One remedy available to U.S. steel companies is filing an unfair trade practice complaint against China and other countries who engage in dumping.

The drawback is that such cases can take years to be resolved.

An example of that was in 2010 when American steel producers filed a complaint with the World Trade Organization regarding heavy tariffs placed on U.S. grain-oriented electrical steel imported to China.

The Chinese claimed the imports were damaging their steel industry and imposed anti-dumping duties that were as high as 65 percent. The tariffs cost American companies an estimated $250 million and they argued that the tariffs violated WTO rules.

Two years later, the WTO ruled against China.

But the Chinese refused to comply and issued a redetermination to justify keeping the tariffs in place.

That prompted a continuing challenge by the U.S., which finally ended this year when the Chinese revoked the tariffs.

“As a trade partner they are always doing something to undermine the rules,” said Gary Hubbard, a spokesman for the United Steelworkers International Union in Washington, D.C. “You’ve got to defend your market or they’ll steal it from you.”

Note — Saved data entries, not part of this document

(* Let $\varphi(x_1,\dots,x_n)=\bigwedge_{i=1}^m \mathit{cl}_i$ be a 3-CNF formula (each clause has exactly three distinct literals). Let $\mathcal{A}_\varphi$ be the one-player (all places owned by player 1) weighted recursive game graph with modules $A_0$, one module $A_y$ for each literal $y\in\{x_1,\neg x_1,\dots,x_n,\neg x_n\}$, and one module $A_{\mathit{cl}_i}$ per clause, each with a single entry and a single exit, defined as follows: $A_0$ (the initial module) invokes, in an infinite loop, boxes calling $A_{\mathit{cl}_1},A_{\mathit{cl}_2},\dots,A_{\mathit{cl}_m}$ in sequence, all transitions of weight $0$; in $A_{\mathit{cl}_i}$, for each literal $y$ of $\mathit{cl}_i$ there is a weight-$0$ transition from the entry to a box invoking $A_y$ and a weight-$0$ transition from that box's return to the exit; in $A_y$, the entry has exactly two outgoing transitions: a ''false'' transition directly to the exit with weight $-1$, and a ''true'' transition of weight $-1$ to a box invoking $A_{\neg y}$ (with $\neg\neg x=x$), whose return leads to the exit with weight $+2$. Then player 1 has a modular winning strategy in $\mathcal{A}_\varphi$ for the objective $\mathrm{LimInfAvg}\geq 0$ if and only if $\varphi$ is satisfiable.
   Context: A weighted recursive game graph consists of modules, each with nodes, entry and exit nodes, boxes each invoking some module, and weighted transitions among nodes, calls (box, entry of invoked module) and returns (box, exit of invoked module); plays evolve over configurations consisting of a call stack of boxes and a current node, a call pushing the box and entering the invoked module, reaching an exit popping the box and continuing from the corresponding return. A modular strategy for player 1 assigns to each module a local strategy whose choice depends only on the sequence of nodes visited in the current invocation of that module (not on the calling context). A strategy is winning for $\mathrm{LimInfAvg}\geq 0$ if every consistent play $\pi$ has $\liminf_m w(\pi[1,m])/m\geq 0$, where $w$ is the sum of transition weights. *)

From mathcomp Require Import all_boot all_order all_algebra.
Set Implicit Arguments. Unset Strict Implicit. Unset Printing Implicit Defensive.
Import Order.TTheory GRing.Theory Num.Theory.

(* Places from which a transition can leave: a node, or a return (b, x)
   (b a box, x an exit of the module invoked by b). *)
Inductive src (Node Box : Type) := SNode of Node | SRet of Box & Node.
(* Places a transition can reach: a node, or a call (b, e)
   (b a box, e an entry of the module invoked by b). *)
Inductive tgt (Node Box : Type) := TNode of Node | TCall of Box & Node.
Arguments SNode {Node Box}. Arguments SRet {Node Box}.
Arguments TNode {Node Box}. Arguments TCall {Node Box}.

Record wrgg := WRGG {
  Mod : Type;
  Node : Type;
  Box : Type;
  nmod : Node -> Mod;
  bmod : Box -> Mod;
  bcall : Box -> Mod;
  is_exit : Node -> bool;
  edge : src Node Box -> tgt Node Box -> int -> Prop;
  owner1 : src Node Box -> bool;
  init_node : Node
}.

Section Semantics.
Variable G : wrgg.
Notation Src := (src (Node G) (Box G)).
Notation Tgt := (tgt (Node G) (Box G)).

(* A modular strategy of player 1: for each module a local strategy mapping
   the sequence of places visited in the current invocation (ending with the
   current place) to a choice of transition (target, weight). *)
Definition mstrategy := Mod G -> seq Src -> Tgt * int.

Definition legal (sigma : mstrategy) : Prop :=
  forall (M : Mod G) (h : seq Src) (s : Src),
    owner1 s -> (exists t w, edge s t w) ->
    edge s (sigma M (rcons h s)).1 (sigma M (rcons h s)).2.

(* Each stack
   frame additionally records the local history of the calling invocation
   (needed to evaluate modular strategies), and [hist] is the local history
   of the current invocation (places visited before the current node). *)
Record xconf := XConf {
  stk : seq (Box G * seq Src);
  hist : seq Src;
  cur : Node G }.

Definition init_conf : xconf := XConf [::] [::] (init_node G).

Definition cur_place (c : xconf) : Mod G * seq Src * Src * seq (Box G * seq Src) :=
  match is_exit (cur c), stk c with
  | true, (b, hb) :: rest => (bmod b, hb, SRet b (cur c), rest)
  | _, _ => (nmod (cur c), hist c, SNode (cur c), stk c)
  end.

Definition step (sigma : mstrategy) (c : xconf) (t : Tgt) (w : int) (c' : xconf) : Prop :=
  let: (M, h, s, st) := cur_place c in
  let h' := rcons h s in
  [/\ edge s t w,
      (owner1 s -> sigma M h' = (t, w)) &
      c' = match t with
           | TNode v => XConf st h' v
           | TCall b e => XConf ((b, h') :: st) [::] e
           end].

Definition consistent_play (sigma : mstrategy) (c : nat -> xconf) (tw : nat -> Tgt * int) : Prop :=
  c 0%N = init_conf /\ forall i, step sigma (c i) (tw i).1 (tw i).2 (c i.+1).

Definition prefix_weight (tw : nat -> Tgt * int) (m : nat) : int :=
  (\sum_(i < m) (tw i).2)%R.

The USW, whose members work at ATI and AK Steel, joined those companies in bringing a complaint against China for dumping electrical steel on the U.S. market. That case is pending an appeal before the International Trade Commission.

Changing products

Given the depressed state of commodity stainless steel markets, producers like ATI have turned more attention to “value-added” alloy products using components such as titanium, nickel and zirconium that sell at higher prices than commodity stainless.

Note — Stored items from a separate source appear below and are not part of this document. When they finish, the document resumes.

Lemma sum_edge_nbhd_exchange (R : comPzRingType) (phi psi : {set 'I_n} -> R) :
  (\sum_(f in E) phi f * \sum_(g in N f) psi g =
   \sum_(g in E) psi g * \sum_(f in N g) phi f)%R.
Proof.
have ext (F : {set 'I_n} -> R) f :
    (\sum_(g in N f) F g = \sum_(g in E) if g \in N f then F g else 0)%R.
  rewrite -big_mkcondr; apply: eq_bigl => g.
  by case: (boolP (g \in N f)) => [h|_]; rewrite ?andbF ?andbT // (edge_nbhd_edges h).
under eq_bigr do rewrite ext mulr_sumr.
under [RHS]eq_bigr do rewrite ext mulr_sumr.
rewrite exchange_big /=; apply: eq_bigr => g gE; apply: eq_bigr => f fE.
by rewrite (edge_nbhd_sym fE gE); case: (f \in N g); rewrite ?mulr0 // mulrC.
Qed.

End LineGraph.

Section SortedEdgeValues.
Variables (n : nat) (e : rel 'I_n).
Local Notation E := (edges e).
Local Notation m := (nedges e).

Lemma size_Deltas : size (Deltas e) = m.
Proof. by rewrite /Deltas size_sort size_map /nedges cardE. Qed.

Lemma perm_Deltas : perm_eq (Deltas e) [seq edge_val e s | s <- enum E].
Proof. by rewrite /Deltas perm_sort. Qed.

Lemma big_edges_Deltas (F : nat -> nat) :
  \sum_(f in E) F (edge_val e f) = \sum_(0 <= j < m) F (nth 0 (Deltas e) j).
Proof.
rewrite -size_Deltas -(big_nth 0 predT F) (perm_big _ perm_Deltas) big_map.
by rewrite big_enum.
Qed.

Lemma Delta_le i j : (1 <= i <= j)%N -> (j <= m)%N -> (Delta e j <= Delta e i)%N.
Proof.
move=> /andP[i1 ij] jm; rewrite /Delta.
have geq_trans : transitive geq by move=> a b c /= h1 h2; exact: leq_trans h2 h1.
have geq_total : total geq by move=> a b; exact: leq_total.
apply: (sorted_leq_nth geq_trans (fun a => leqnn a) 0 (sort_sorted geq_total _));
  rewrite ?inE -/(Deltas e) ?size_Deltas; lia.
Qed.

Lemma Delta1_edge : (0 < m)%N -> exists2 f, f \in E & edge_val e f = Delta e 1.
Proof.
move=> m0; have : Delta e 1 \in [seq edge_val e s | s <- enum E].
  by rewrite -(perm_mem perm_Deltas) mem_nth // size_Deltas.
by case/mapP=> f; rewrite mem_enum => fE ->; exists f.
Qed.

(* Truncated subtraction makes this the sum of the positive parts (Δ_f - K)^+. *)
Definition excess (K : nat) : nat := \sum_(f in E) (edge_val e f - K).

Lemma excess_gt0 K h : h \in E -> (K < edge_val e h)%N -> (0 < excess K)%N.
Proof. by move=> hE Kh; rewrite /excess (bigD1 h) //= addn_gt0 subn_gt0 Kh. Qed.

Lemma excess_Delta k : (1 <= k <= m)%N ->
  excess (Delta e k) = \sum_(1 <= i < k) (Delta e i - Delta e k).
Proof.
move=> /andP[k1 km]; rewrite /excess (big_edges_Deltas (subn^~ _)).
rewrite (big_cat_nat _ (n := k.-1)) //=; last by lia.
rewrite [X in (_ + X)%N]big1_seq ?addn0.
  by case: k k1 {km} => // k _; rewrite big_add1.
move=> j; rewrite mem_index_iota => /andP[j1 j2].
by apply/eqP; rewrite subn_eq0; apply: (Delta_le (j := j.+1)); lia.
Qed.

Lemma high_edges_card k : (1 <= k <= m)%N ->
  (forall i, (1 <= i < k)%N -> (Delta e k < Delta e i)%N) ->
  (k.-1 <= #|[set f in E | (Delta e k < edge_val e f)%N]|)%N.
Proof.
move=> /andP[k1 km] high; rewrite -sum1_card.
rewrite (eq_bigl (fun f => (f \in E) && (Delta e k < edge_val e f)%N)); last first.
  by move=> f; rewrite inE.
rewrite big_mkcondr /= (eq_bigr (fun f => nat_of_bool ((Delta e k < edge_val e f)%N))); last first.
  by move=> f _; case: ifP.
rewrite (big_edges_Deltas (fun x => nat_of_bool (Delta e k < x)%N)).
rewrite (big_cat_nat _ (n := k.-1)) //=; last by lia.
apply: leq_trans (leq_addr _ _).
rewrite (eq_big_nat _ _ (F2 := fun _ => 1%N)) ?sum_nat_const_nat ?muln1 ?subn0 //.
move=> j /andP[_ jk]; have := high j.+1; rewrite /Delta /= => ->; lia.
Qed.

Local Open Scope ring_scope.

Definition psi_level (R : rcfType) (K : nat) : R :=
  1 + (K%:R + 1 + Num.sqrt ((K%:R + 1) ^+ 2 + 4 * (excess K)%:R)) / 2.

Lemma psiE (R : rcfType) k : (1 <= k <= m)%N -> psi R e k = psi_level R (Delta e k).
Proof.
move=> hk; suff sumE : \sum_(1 <= i < k) ((Delta e i)%:R - (Delta e k)%:R : R) =
    (excess (Delta e k))%:R by rewrite /psi /psi_level sumE.
rewrite (excess_Delta hk) natr_sum; apply: eq_big_nat => i /andP[i1 ik].
by rewrite natrB //; apply: Delta_le; lia.
Qed.

Lemma psi1 (R : rcfType) : psi R e 1 = (Delta e 1)%:R + 2.
Proof.
rewrite /psi big_geq // mulr0 addr0 sqrtr_sqr ger0_norm ?addr_ge0 //.
have two_neq0 : (2 : R) != 0 by rewrite pnatr_eq0.
by field.
Qed.

Lemma psi_level_quadratic (R : rcfType) K (p : R) : p = psi_level R K ->
  1 < p /\ (p - 1) * (p - 2 - K%:R) = (excess K)%:R.
Proof.
move=> ->; rewrite /psi_level.
set a : R := K%:R + 1; set S : R := (excess K)%:R.
have a0 : 0 < a by rewrite ltr_wpDl ?ler0n.
have S0 : 0 <= S := ler0n R _.
have r0 := sqrtr_ge0 (a ^+ 2 + 4 * S).
have r2 : Num.sqrt (a ^+ 2 + 4 * S) ^+ 2 = a ^+ 2 + 4 * S.
  by rewrite sqr_sqrtr // addr_ge0 ?sqr_ge0 // mulr_ge0.
split; first by lra.
have -> : K%:R = a - 1 by rewrite /a; ring.
set r := Num.sqrt _ in r0 r2 *.
have two_neq0 : (2 : R) != 0 by rewrite pnatr_eq0.
have four_neq0 : (4 : R) != 0 by rewrite pnatr_eq0.
have -> : S = (r ^+ 2 - a ^+ 2) / 4 by rewrite r2; field.
by field.
Qed.

End SortedEdgeValues.

Local Open Scope ring_scope.

Section EdgeWeights.
Variables (R : rcfType) (n : nat) (e : rel 'I_n).
Hypotheses (esym : symmetric e) (eirr : irreflexive e).
Variables (X : 'I_n -> R) (q : R).
Hypothesis X_ge0 : forall u, 0 <= X u.
Hypothesis X_subinv : forall u,
  q * X u <= (deg e u)%:R * X u + \sum_(w in [set w | e u w]) X w.
Local Notation E := (edges e).
Local Notation N := (edge_nbhd e).
Local Notation ev f := ((edge_val e f)%:R : R).

Definition edge_weight (f : {set 'I_n}) := \sum_(x in f) X x.
Local Notation y := edge_weight.
Definition nbhd_weight f := \sum_(g in N f) y g.

Lemma edge_weight_ge0 f : 0 <= y f.
Proof. exact: sumr_ge0. Qed.

Lemma edge_weight_set2 u v : u != v -> y [set u; v] = X u + X v.
Proof. by move=> uv; rewrite /y big_setU1 ?big_set1 // inE. Qed.

Lemma sum_nbhd_but_weight u v : e u v -> \sum_(w in nbhd_but e u v) y [set u; w] =
  ((deg e u)%:R - 1) * X u + (\sum_(w in [set w | e u w]) X w - X v).
Proof.
move=> huv; rewrite (eq_bigr (fun w => X u + X w)); last first.
  by move=> w; rewrite inE => /andP[h _]; rewrite edge_weight_set2 // (adj_neq eirr h).
rewrite big_split /= sumr_const (card_nbhd_but huv) [in RHS](bigD1 v) ?inE //=.
rewrite [in RHS](eq_bigl (mem (nbhd_but e u v))); last by move=> w; rewrite !inE.
have := deg_gt0 huv; case: (deg e u) => // d _ /=.
by rewrite -mulr_natl -natr1; ring.
Qed.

“You have a number of companies that have gone well beyond stainless to the nickel-based alloys and titanium,” Hartquist said. “The tighter the market on regular stainless, the more the incentive for companies to turn to the high value alloys. A number of companies have done that and will continue to do so.”

Lane said one thing that makes that market segment attractive is customers buying high-value alloys are not always focused on price.

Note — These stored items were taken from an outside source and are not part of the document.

(* Let $d>k\ge3$ and $a\ge1$ be integers with $d-a^k\ge1$. Let $X=X_\Sigma$ be the smooth projective toric $d$-fold whose fan has ray generators $x_1,\dots,x_d,y_1,y_2$ and primitive relations $x_1+\cdots+x_d=ay_1$ and $y_1+y_2=0$ (so $X\cong\mathbb{P}_{\mathbb{P}^{d-1}}(\mathcal{O}(a)\oplus\mathcal{O})$). Then: (1) if $k$ is odd, $\mathrm{ch}_k(X)$ is positive; (2) if $k$ is even, $\mathrm{ch}_k(X)$ is nef but not positive.
   Context: For a smooth complete toric variety $X$ of dimension $d$ with torus invariant prime divisors $D_1,\dots,D_n$, $\mathrm{ch}_k(X)=\frac{1}{k!}\sum_i D_i^k$. For $1\le k\le d$, $\mathrm{ch}_k(X)$ is nef (resp. positive) if $(\mathrm{ch}_k(X)\cdot Y)\ge0$ (resp. $>0$) for every $k$-dimensional torus invariant irreducible closed subvariety $Y\subset X$. A primitive collection is a set of ray generators not generating a cone of the fan while every proper subset does; its primitive relation expresses the sum of its elements as a positive integer combination of the generators of the smallest cone containing that sum. *)

From HB Require Import structures.
From mathcomp Require Import all_boot all_order all_algebra.
Set Implicit Arguments. Unset Strict Implicit. Unset Printing Implicit Defensive.
Import Order.TTheory GRing.Theory Num.Theory.
Local Open Scope ring_scope.

(* A (simplicial) fan in N = Z^d with n rays is given by the ray generators *)
(* [gen i : 'I_d -> int] (i : 'I_n) and a predicate [cone] on subsets of    *)
(* rays (S is a cone of the fan iff cone S).  Torus-invariant prime         *)
(* divisors D_i correspond to rays.  A monomial D^m = prod_i D_i^(m i) is   *)
(* an exponent vector m : {ffun 'I_n -> nat}.                               *)

Definition supp (n : nat) (m : {ffun 'I_n -> nat}) : {set 'I_n} :=
  [set i | m i != 0%N].

Definition mdeg (n : nat) (m : {ffun 'I_n -> nat}) : nat := (\sum_i m i)%N.

(* m * D_i *)
Definition mshift (n : nat) (m : {ffun 'I_n -> nat}) (i : 'I_n) : {ffun 'I_n -> nat} :=
  [ffun j => (m j + (j == i))%N].

(* the squarefree monomial prod_{j in S} D_j *)
Definition mind (n : nat) (S : {set 'I_n}) : {ffun 'I_n -> nat} :=
  [ffun j => nat_of_bool (j \in S)].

“Customers are unwilling to change providers on the basis of cost alone,” he said. “A good example of a component to which that would refer to is a titanium component for a jet engine.”

Such components have to withstand extremely high temperatures and be really durable, which makes the use of the highest quality metals critical.

Future looks bright

Delaney, Pitt’s business school dean, sees that as an advantage for U.S. companies, particularly those in the Pittsburgh region such as ATI.

“I think what we have in our favor is that the quality of our products is really high and I think that is important when it comes to the high value products,” he said. “I think we are positioned better than many other places because of the workforce and the investments that have been made here.”

An example of that is the $1.2 billion ATI spent to build a new hot strip mill at its Harrison facility.

Industry observers and company officials have described it as the most powerful rolling mill in the world, capable of rolling any metal ATI produces thinner and in wider measures than its competitors.

Delaney remains optimistic about specialty steel’s future.

‘I am positive about the outlook here in the region,” he said. “I think it is difficult to find the quality of the workers that we have here in other places, and that just doesn’t spring up overnight.”

Despite the shift toward high-value alloys, Hartquist, the steel industry spokesman, doesn’t think that signals the end of commodity stainless steel production in America.

“A lot of our members have substantial investment in commodity products and they sell a lot of it,” he said. “They need the commodity products as kind of a base for the other metals they produce.

“We just have to get things straightened out as far as the import situation,” Hartquist said.

What will help that, he said, is the Chinese economy improving so that their domestic demand for steel increases “to soak up more of their production rather than exporting.

“I think the feeling of the domestic producers is that they are very competitive, particularly in the United States, but many of them have had substantial exports, so the feeling long-term is optimistic,” Hartquist said.